In short, the selection and construction of high-performance caching middleware requires comprehensive consideration of multiple factors, and selection and configuration according to specific needs and scenarios.

Advice from 40-year-old architect Nien

Nien has used it, and the current recommendation is a highly available redis cluster. For details, please refer to Nien's architecture notes

Special attention should be paid to the fact that redis is related to the high availability of the system and is prone to production accidents.

If there is a bigkey in redis, in a high-concurrency scenario, the system is likely to be paralyzed, which seriously affects the availability of the system. Yesterday, a small partner came to ask for help. Their redis bigkey problem caused their system to be paralyzed for an hour, and the economic loss was several million. Tens of millions of indirect losses.

After I talked about this problem in the community, two friends said that they also encountered it, and it was all production accidents.

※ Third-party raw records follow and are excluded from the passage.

(* Let $\mathcal{B}$ be a nontrivial boolean algebra and let $Y\subseteq \mathcal{B}^n$ be an algebraic set over $\mathcal{B}$. Then $Y$ is irreducible over $\mathcal{B}$ if and only if the coordinate algebra $\Gamma_{\mathcal{B}}(Y)$ embeds into $\mathcal{B}$.
   Context: Boolean algebras are considered as structures in the language $\{\vee,\cdot,\bar{\ },0,1\}$ (join, meet, complement, constants). A boolean equation in variables $X=\{x_1,\dots,x_n\}$ is an expression $t(X)=s(X)$ with $t,s$ terms of this language; a system is any set of such equations, and $V_{\mathcal{B}}(S)\subseteq\mathcal{B}^n$ denotes its solution set. A set $Y\subseteq\mathcal{B}^n$ is algebraic if $Y=V_{\mathcal{B}}(S)$ for some system $S$. A nonempty algebraic set is irreducible if it is not a finite union of proper algebraic subsets. For an algebraic set $Y$, define $t\sim_Y s$ on terms in $X$ iff $t(P)=s(P)$ for every $P\in Y$; the set of equivalence classes, with the induced operations, is the coordinate algebra $\Gamma_{\mathcal{B}}(Y)$ (it is a finite boolean algebra generated by the classes of $x_1,\dots,x_n$). *)

(* Boolean algebras = mathcomp's ctbDistrLatticeType
   (complemented distributive lattices with top and bottom). *)
From HB Require Import structures.
From mathcomp Require Import all_boot all_order.
Set Implicit Arguments. Unset Strict Implicit. Unset Printing Implicit Defensive.
Import Order.Theory.
Local Open Scope order_scope.

Inductive bterm (n : nat) : Type :=
| BVar  of 'I_n
| BJoin of bterm n & bterm n
| BMeet of bterm n & bterm n
| BCompl of bterm n
| BZero
| BOne.
Arguments BZero {n}.
Arguments BOne {n}.

Section Eval.
Variables (d : Order.disp_t) (B : ctbDistrLatticeType d) (n : nat).

Fixpoint beval (t : bterm n) (P : 'I_n -> B) : B :=
  match t with
  | BVar i => P i
  | BJoin t1 t2 => beval t1 P `|` beval t2 P
  | BMeet t1 t2 => beval t1 P `&` beval t2 P
  | BCompl t1 => ~` beval t1 P
  | BZero => \bot
  | BOne => \top
  end.

Definition bequation := (bterm n * bterm n)%type.

Definition V_B (S : bequation -> Prop) : ('I_n -> B) -> Prop :=
  fun P => forall e, S e -> beval e.1 P = beval e.2 P.

Definition algebraic (Y : ('I_n -> B) -> Prop) : Prop :=
  exists S : bequation -> Prop, forall P, Y P <-> V_B S P.

Definition irreducible (Y : ('I_n -> B) -> Prop) : Prop :=
  algebraic Y /\ (exists P, Y P) /\
  ~ (exists (k : nat) (Z : 'I_k -> ('I_n -> B) -> Prop),
        (forall i, algebraic (Z i)) /\
        (forall i, (forall P, Z i P -> Y P) /\ (exists P, Y P /\ ~ Z i P)) /\
        (forall P, Y P <-> exists i, Z i P)).

Definition coord_equiv (Y : ('I_n -> B) -> Prop) (t s : bterm n) : Prop :=
  forall P, Y P -> beval t P = beval s P.

(* The coordinate algebra Gamma_B(Y) is the term algebra modulo ~_Y.
   An embedding Gamma_B(Y) -> B is (by the universal property of the quotient)
   the same as a map h on terms which preserves join, meet, complement, 0, 1
   and whose kernel is exactly ~_Y (compatibility + injectivity on classes). *)
Definition coord_embeds (Y : ('I_n -> B) -> Prop) : Prop :=
  exists h : bterm n -> B,
    [/\ forall t s, h (BJoin t s) = h t `|` h s,
        forall t s, h (BMeet t s) = h t `&` h s,
        forall t, h (BCompl t) = ~` h t,
        h BZero = \bot /\ h BOne = \top
      & forall t s, h t = h s <-> coord_equiv Y t s].

End Eval.

(* A point [P] of [Y] is generic when every equation holding at [P] holds on
   all of [Y]; then [t |-> t(P)] embeds the coordinate algebra into [B], and
   conversely the images of the variables under an embedding form a generic
   point.  A generic point lies in every algebraic set through it, so [Y] is
   irreducible.  Conversely, [Y] is covered by the algebraic sets
   [Y /\ m = 0], where [m] ranges over the minterms that do not vanish on [Y];
   irreducibility gives a point [P] at which no such minterm vanishes.  A
   term [t] restricted to a minterm region is either [m] or [0], according to
   the value of [t] at the corresponding point of the two-element algebra;
   hence [t(P) = u(P)] forces [t] and [u] to agree on every nonvanishing
   minterm region, which cover [Y], so [P] is generic. *)
From HB Require Import structures.
From mathcomp Require Import all_boot all_order.
From mathcomp Require Import boolp.
Import Order.Theory.
Local Open Scope order_scope.

Set Implicit Arguments. Unset Strict Implicit.

Section Minterms.
Variables (d : Order.disp_t) (B : ctbDistrLatticeType d) (n : nat).
Implicit Types (Q : 'I_n -> B) (s : {ffun 'I_n -> bool}) (l : seq 'I_n).

Definition literal (b : bool) (i : 'I_n) : bterm n :=
  if b then BVar i else BCompl (BVar i).

Definition minterm_on s l : bterm n :=
  foldr (@BMeet n) BOne [seq literal (s i) i | i <- l].

Definition minterm s : bterm n := minterm_on s (enum 'I_n).

Lemma beval_minterm_le_literal Q s i :
  beval (minterm s) Q <= beval (literal (s i) i) Q.
Proof.
have : i \in enum 'I_n by rewrite mem_enum.
rewrite /minterm /minterm_on; elim: (enum 'I_n) => // j l IH.
rewrite inE => /orP [/eqP ->|/IH le_l] /=; first exact: leIl.
exact: leIxr le_l.
Qed.

(* [s] is read as a point of the two-element algebra [bool]. *)
Lemma meet_beval_below_literals Q s (m : B) :
  (forall i, m <= beval (literal (s i) i) Q) ->
  forall t, m `&` beval t Q = if beval t s then m else \bot.
Proof.
move=> m_le; elim=> [i|a IHa b IHb|a IHa b IHb|a IHa||] /=.
- have := m_le i; rewrite /literal; case: (s i) => /= le_m.
    exact/meet_idPl.
  by rewrite -(meet_idPl le_m) -meetA meetCx meetx0.
- by rewrite meetUr IHa IHb; case: (beval a s); case: (beval b s);
    rewrite /= ?joinxx ?joinx0 ?join0x.
- by rewrite meetA IHa; case: (beval a s); rewrite /= ?meet0x.
- have split_m : m = m `&` beval a Q `|` m `&` ~` beval a Q.
    by rewrite -meetUr joinxC meetx1.
  move: IHa split_m; case: (beval a s) => /= IHa; rewrite IHa.
    by rewrite -IHa -meetA meetxC meetx0.
  by rewrite join0x.
- exact: meetx0.
- exact: meetx1.
Qed.

Lemma minterm_on_eq_in s s' l :
  {in l, s =1 s'} -> minterm_on s l = minterm_on s' l.
Proof. by move=> eq_s; congr foldr; apply/eq_in_map => i /eq_s ->. Qed.

(* Splitting along the first variable [i]: since [i] does not occur in [l],
   the minterms on [l] do not see the value of [s] at [i]. *)
Lemma minterms_on_meet_eq0 Q l (a : B) : uniq l ->
  (forall s, beval (minterm_on s l) Q `&` a = \bot) -> a = \bot.
Proof.
elim: l a => [|i l IH] a /=.
  by move=> _ /(_ [ffun=> true]); rewrite meet1x.
move=> /andP [i_l uniq_l] meet0.
have lit_meet0 b : beval (literal b i) Q `&` a = \bot.
  apply: IH => // s; pose s1 := [ffun j => if j == i then b else s j].
  have -> : minterm_on s l = minterm_on s1 l.
    apply: minterm_on_eq_in => j j_l; rewrite ffunE.
    by case: eqP j_l => // ->; rewrite (negPf i_l).
  have := meet0 s1; rewrite /= ffunE eqxx.
  by rewrite meetA [X in X `&` a]meetC.
have := lit_meet0 false; have := lit_meet0 true => /= Qi0 nQi0.
by rewrite -[a]meet1x -(joinxC (Q i)) meetUl Qi0 nQi0 joinx0.
Qed.

Lemma le_of_minterms Q (a b : B) :
  (forall s, beval (minterm s) Q `&` a <= b) -> a <= b.
Proof.
move=> le_ab; rewrite -[b]complK -disj_leC; apply/eqP.
apply: (minterms_on_meet_eq0 (l := enum 'I_n)); first exact: enum_uniq.
move=> s; apply/eqP; rewrite -/(minterm s) meetA disj_leC complK.
exact: le_ab.
Qed.

End Minterms.

Section GenericPoints.
Variables (d : Order.disp_t) (B : ctbDistrLatticeType d) (n : nat).
Implicit Types (Y Z : ('I_n -> B) -> Prop) (P Q R : 'I_n -> B).
Implicit Types (s : {ffun 'I_n -> bool}).

Definition generic_point Y P :=
  Y P /\ forall t u, beval t P = beval u P -> coord_equiv Y t u.

Lemma algebraic_eq_sub Y t u : algebraic Y ->
  algebraic (fun P => Y P /\ beval t P = beval u P).
Proof.
case=> S defY; exists (fun e => S e \/ e = (t, u)) => P; split.
  by case=> /defY YP ts_eq e [/YP|->].
move=> V_P; split; last exact: V_P (or_intror erefl).
by apply/defY => e Se; apply: V_P; left.
Qed.

Lemma generic_point_sub Y Z P : generic_point Y P -> algebraic Z -> Z P ->
  forall Q, Y Q -> Z Q.
Proof.
move=> [_ genP] [S defZ] /defZ ZP Q YQ; apply/defZ => e Se.
exact: genP (ZP e Se) Q YQ.
Qed.

Lemma irreducible_of_generic Y P : algebraic Y -> generic_point Y P ->
  irreducible Y.
Proof.
move=> algY genP; split=> //; split; first by exists P; case: genP.
case=> k [Z [algZ [properZ defY]]].
have [i ZiP] := (defY P).1 genP.1.
have [_ [Q [YQ notZiQ]]] := properZ i.
exact/notZiQ/(generic_point_sub genP (algZ i) ZiP).
Qed.

Lemma coord_embeds_of_generic Y P : generic_point Y P -> coord_embeds Y.
Proof.
move=> [YP genP]; exists (fun t => beval t P); split=> // t u.
by split=> [/genP|]; last exact.
Qed.

Lemma generic_of_coord_embeds Y : algebraic Y -> coord_embeds Y ->
  exists P, generic_point Y P.
Proof.
move=> [S defY] [h [hJ hM hC [h0 h1] hK]].
pose P i := h (BVar i).
have beval_P t : beval t P = h t.
  by elim: t => //= [a -> b ->|a -> b ->|a ->]; rewrite ?hJ ?hM ?hC.
exists P; split=> [|t u]; last by rewrite !beval_P => /hK.
apply/defY => e Se; rewrite !beval_P; apply/hK => Q /defY.
exact.
Qed.

Lemma generic_of_nonvanishing_minterms Y P : Y P ->
  (forall s, ~ coord_equiv Y (minterm s) BZero -> beval (minterm s) P != \bot) ->
  generic_point Y P.
Proof.
move=> YP nonvanishing; split=> // t u tu_eq Q YQ.
have region_eq R s : beval t s = beval u s ->
    beval (minterm s) R `&` beval t R = beval (minterm s) R `&` beval u R.
  have below := meet_beval_below_literals (beval_minterm_le_literal R s).
  by rewrite !below => ->.
have vanishing s : beval t s != beval u s -> coord_equiv Y (minterm s) BZero.
  move=> tu_neq; apply: contrapT => /nonvanishing/negP; apply; apply/eqP.
  have below := meet_beval_below_literals (beval_minterm_le_literal P s).
  move: (below t) tu_neq; rewrite tu_eq below.
  by case: (beval t s); case: (beval u s).
have region_eqQ s :
    beval (minterm s) Q `&` beval t Q = beval (minterm s) Q `&` beval u Q.
  have [/region_eq //|/vanishing/(_ Q YQ) /= ->] := eqVneq (beval t s) (beval u s).
  by rewrite !meet0x.
by apply/le_anti/andP; split; apply: (le_of_minterms (Q := Q)) => s;
  [rewrite region_eqQ | rewrite -region_eqQ]; apply: leIr.
Qed.

Lemma not_irreducible_of_cover Y (I : finType) (A : pred I)
    (Z : I -> ('I_n -> B) -> Prop) :
  (forall i, algebraic (Z i)) ->
  (forall i, A i -> (forall P, Z i P -> Y P) /\ exists P, Y P /\ ~ Z i P) ->
  (forall P, Y P <-> exists2 i, A i & Z i P) ->
  ~ irreducible Y.
Proof.
move=> algZ properZ defY [_ [_]]; apply.
exists #|A|, (fun j => Z (enum_val j)); split; [|split] => [j|j|P].
- exact: algZ.
- exact/properZ/enum_valP.
- split=> [/defY [i Ai ZiP]|[j ZjP]]; last exact: (properZ _ (enum_valP j)).1.
  by exists (enum_rank_in Ai i); rewrite enum_rankK_in.
Qed.

Lemma nonvanishing_minterms_of_irreducible Y : irreducible Y ->
  exists P, Y P /\ forall s,
    ~ coord_equiv Y (minterm s) BZero -> beval (minterm s) P != \bot.
Proof.
move=> irrY; have algY := irrY.1; apply: contrapT => no_point.
pose A s := `[< ~ coord_equiv Y (minterm s) BZero >].
pose Z s P := Y P /\ beval (minterm s) P = beval BZero P.
apply: (@not_irreducible_of_cover Y _ A Z) irrY => [s|s /asboolP nz_s|P].
- exact: algebraic_eq_sub.
- split=> [P []//|]; apply: contrapT => all_Z; apply: nz_s => Q YQ.
  apply: contrapT => ZQ; apply: all_Z.
  by exists Q; split=> // [[_ /ZQ]].
- split=> [YP|[s _ []//]]; apply: contrapT => no_s; apply: no_point.
  exists P; split=> // s nz_s; apply/eqP => ms0; apply: no_s.
  by exists s; [exact/asboolP|].
Qed.

End GenericPoints.

Theorem theorem1 (d : Order.disp_t) (B : ctbDistrLatticeType d) (n : nat)
  (nontriv : (\bot : B) != \top)
  (Y : ('I_n -> B) -> Prop) (HY : algebraic Y) :
  irreducible Y <-> coord_embeds Y.
Proof.
split=> [irrY|embY].
- have [P [YP nonvanishing]] := nonvanishing_minterms_of_irreducible irrY.
  exact/coord_embeds_of_generic/generic_of_nonvanishing_minterms/nonvanishing.
- have [P genP] := generic_of_coord_embeds HY embY.
  exact: irreducible_of_generic genP.
Qed.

If the big key is detected and resolved, please refer to Nin's architecture notes for details

Select and build high-performance messaging middleware

Message middleware is an essential component in the background system. Generally, we use message middleware in the following scenarios:

  • Asynchronous processing :
    Asynchronous processing is one of the main reasons for using message middleware. The most common asynchronous scenarios in the work include sending a registration success email after successful registration, returning old data when the cache expires, and then updating the cache asynchronously and writing asynchronously Logs, etc.; through asynchronous processing, the waiting response time of the main process can be reduced, and non-main processes or non-important businesses can be centralized and asynchronously processed through the message middleware.
  • System decoupling :
    For example, in the e-commerce system, when the user successfully completes the payment and completes the order, the payment result needs to be notified to the ERP system, invoice system, WMS, recommendation system, search system, risk control system, etc. for business processing; these business processing Real-time processing is not required, strong consistency is not required, only eventual consistency is required, so the system can be decoupled through message middleware. This system decoupling can also cope with future unclear system requirements.
  • Shaving peaks and filling valleys :
    When the system encounters a large traffic flow, you will see traffic graphs like peaks one by one on the monitoring graph. By using the message middleware, the large-traffic requests are put into the queue, and the queued requests are queued by the consumer program. Processing requests are slowly digested to achieve the effect of eliminating peaks and filling valleys. The most typical scenario is the seckill system. In the e-commerce seckill system, the order service is often the bottleneck of the system, because ordering requires database operations on inventory, etc., and strong consistency needs to be ensured. At this time, message middleware is used for downloading. Order queuing and flow control allow the order service to slowly process the orders in the queue, protecting the order service, so as to achieve the effect of shaving peaks and filling valleys.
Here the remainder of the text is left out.